**Goal of the exercise:**
Word for word, reproduce each entry.

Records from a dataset
(* Let $\mathbb P\in\mathbb\Psi^m_H(M)$ with $\Re(m)<-d_H$, and write $\mathbb k=(\mathcal L_Z-m)\mathbb P$. For every integer $n\ge1$ and $h\ge0$, \[\mathrm{tr}_h(\mathbb P)=\sum_{j=0}^{n-1}\frac{h^j}{j!\,(j-m-d_H)}\mathrm{tr}_0^{(j)}(\mathbb k)+\frac{h^n}{(n-1)!}\int_0^1\mathrm{tr}^{(n)}_{hu}(\mathbb k)\,u^{n-m-d_H-1}\Big(\int_u^1t^{m+d_H-n}(1-t)^{n-1}dt\Big)du.\] In particular, if $P\in\Psi^m_H(M)$ and $\mathbb P_1=P$, \[\mathrm{tr}(P)=\sum_{j=0}^{n-1}\frac{1}{j!\,(j-m-d_H)}\mathrm{tr}_0^{(j)}(\mathbb k)+\frac{1}{(n-1)!}\int_0^1\mathrm{tr}^{(n)}_u(\mathbb k)\,u^{n-m-d_H-1}\,\mathrm B(1-u;n,m+d_H-n+1)\,du,\] where $\mathrm B(x;\alpha,\beta)=\int_0^xt^{\alpha-1}(1-t)^{\beta-1}dt$.
   Context: $(M,H)$ Carnot manifold, homogeneous dimension $d_H$; $\mathbb T_HM$ its $H$-tangent groupoid over $M\times\mathbb R$; $\mathcal L_Z$ the generator of pushforward by the zoom action $\alpha_\lambda$ ($(x,y,h)\mapsto(x,y,\lambda^{-1}h)$, $((x,z),0)\mapsto((x,\delta_\lambda z),0)$). $\mathbb\Psi^m_H(M)$: $r$-fibred distributions $\mathbb P$ with $(\mathcal L_Z-m)\mathbb P\in C^\infty_p(\mathbb T_HM,\Omega_r)$ (smooth $r$-fibre densities, $r,s$-proper support); $\Psi^m_H(M)=\{\mathbb P_1\}$, $\mathbb P_1$ the restriction to $h=1$. Local trace $\mathrm{tr}_h$: restriction of a smooth $r$-fibre density to the unit space point $(x,x,h)$ (resp. $((x,0),0)$ at $h=0$), a density on $M$; $\mathrm{tr}^{(j)}_h(\mathbb f)=\frac{d^j}{dh^j}\mathrm{tr}_h(\mathbb f)$. For $\Re(m)<-d_H$, $\mathrm{tr}_h(\mathbb P)=\int_0^1\mathrm{tr}_{\lambda h}((\mathcal L_Z-m)\mathbb P)\lambda^{-m-d_H-1}d\lambda$, and $\mathrm{tr}(P):=\mathrm{tr}_1(\mathbb P)$. *)

From Stdlib Require Import Reals Factorial.
From Coquelicot Require Import Coquelicot.
Open Scope R_scope.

**Response below:**
(* Let $\mathbb P\in\mathbb\Psi^m_H(M)$ with $\Re(m)<-d_H$, and write $\mathbb k=(\mathcal L_Z-m)\mathbb P$. For every integer $n\ge1$ and $h\ge0$, \[\mathrm{tr}_h(\mathbb P)=\sum_{j=0}^{n-1}\frac{h^j}{j!\,(j-m-d_H)}\mathrm{tr}_0^{(j)}(\mathbb k)+\frac{h^n}{(n-1)!}\int_0^1\mathrm{tr}^{(n)}_{hu}(\mathbb k)\,u^{n-m-d_H-1}\Big(\int_u^1t^{m+d_H-n}(1-t)^{n-1}dt\Big)du.\] In particular, if $P\in\Psi^m_H(M)$ and $\mathbb P_1=P$, \[\mathrm{tr}(P)=\sum_{j=0}^{n-1}\frac{1}{j!\,(j-m-d_H)}\mathrm{tr}_0^{(j)}(\mathbb k)+\frac{1}{(n-1)!}\int_0^1\mathrm{tr}^{(n)}_u(\mathbb k)\,u^{n-m-d_H-1}\,\mathrm B(1-u;n,m+d_H-n+1)\,du,\] where $\mathrm B(x;\alpha,\beta)=\int_0^xt^{\alpha-1}(1-t)^{\beta-1}dt$.
   Context: $(M,H)$ Carnot manifold, homogeneous dimension $d_H$; $\mathbb T_HM$ its $H$-tangent groupoid over $M\times\mathbb R$; $\mathcal L_Z$ the generator of pushforward by the zoom action $\alpha_\lambda$ ($(x,y,h)\mapsto(x,y,\lambda^{-1}h)$, $((x,z),0)\mapsto((x,\delta_\lambda z),0)$). $\mathbb\Psi^m_H(M)$: $r$-fibred distributions $\mathbb P$ with $(\mathcal L_Z-m)\mathbb P\in C^\infty_p(\mathbb T_HM,\Omega_r)$ (smooth $r$-fibre densities, $r,s$-proper support); $\Psi^m_H(M)=\{\mathbb P_1\}$, $\mathbb P_1$ the restriction to $h=1$. Local trace $\mathrm{tr}_h$: restriction of a smooth $r$-fibre density to the unit space point $(x,x,h)$ (resp. $((x,0),0)$ at $h=0$), a density on $M$; $\mathrm{tr}^{(j)}_h(\mathbb f)=\frac{d^j}{dh^j}\mathrm{tr}_h(\mathbb f)$. For $\Re(m)<-d_H$, $\mathrm{tr}_h(\mathbb P)=\int_0^1\mathrm{tr}_{\lambda h}((\mathcal L_Z-m)\mathbb P)\lambda^{-m-d_H-1}d\lambda$, and $\mathrm{tr}(P):=\mathrm{tr}_1(\mathbb P)$. *)

From Stdlib Require Import Reals Factorial.
From Coquelicot Require Import Coquelicot.
Open Scope R_scope.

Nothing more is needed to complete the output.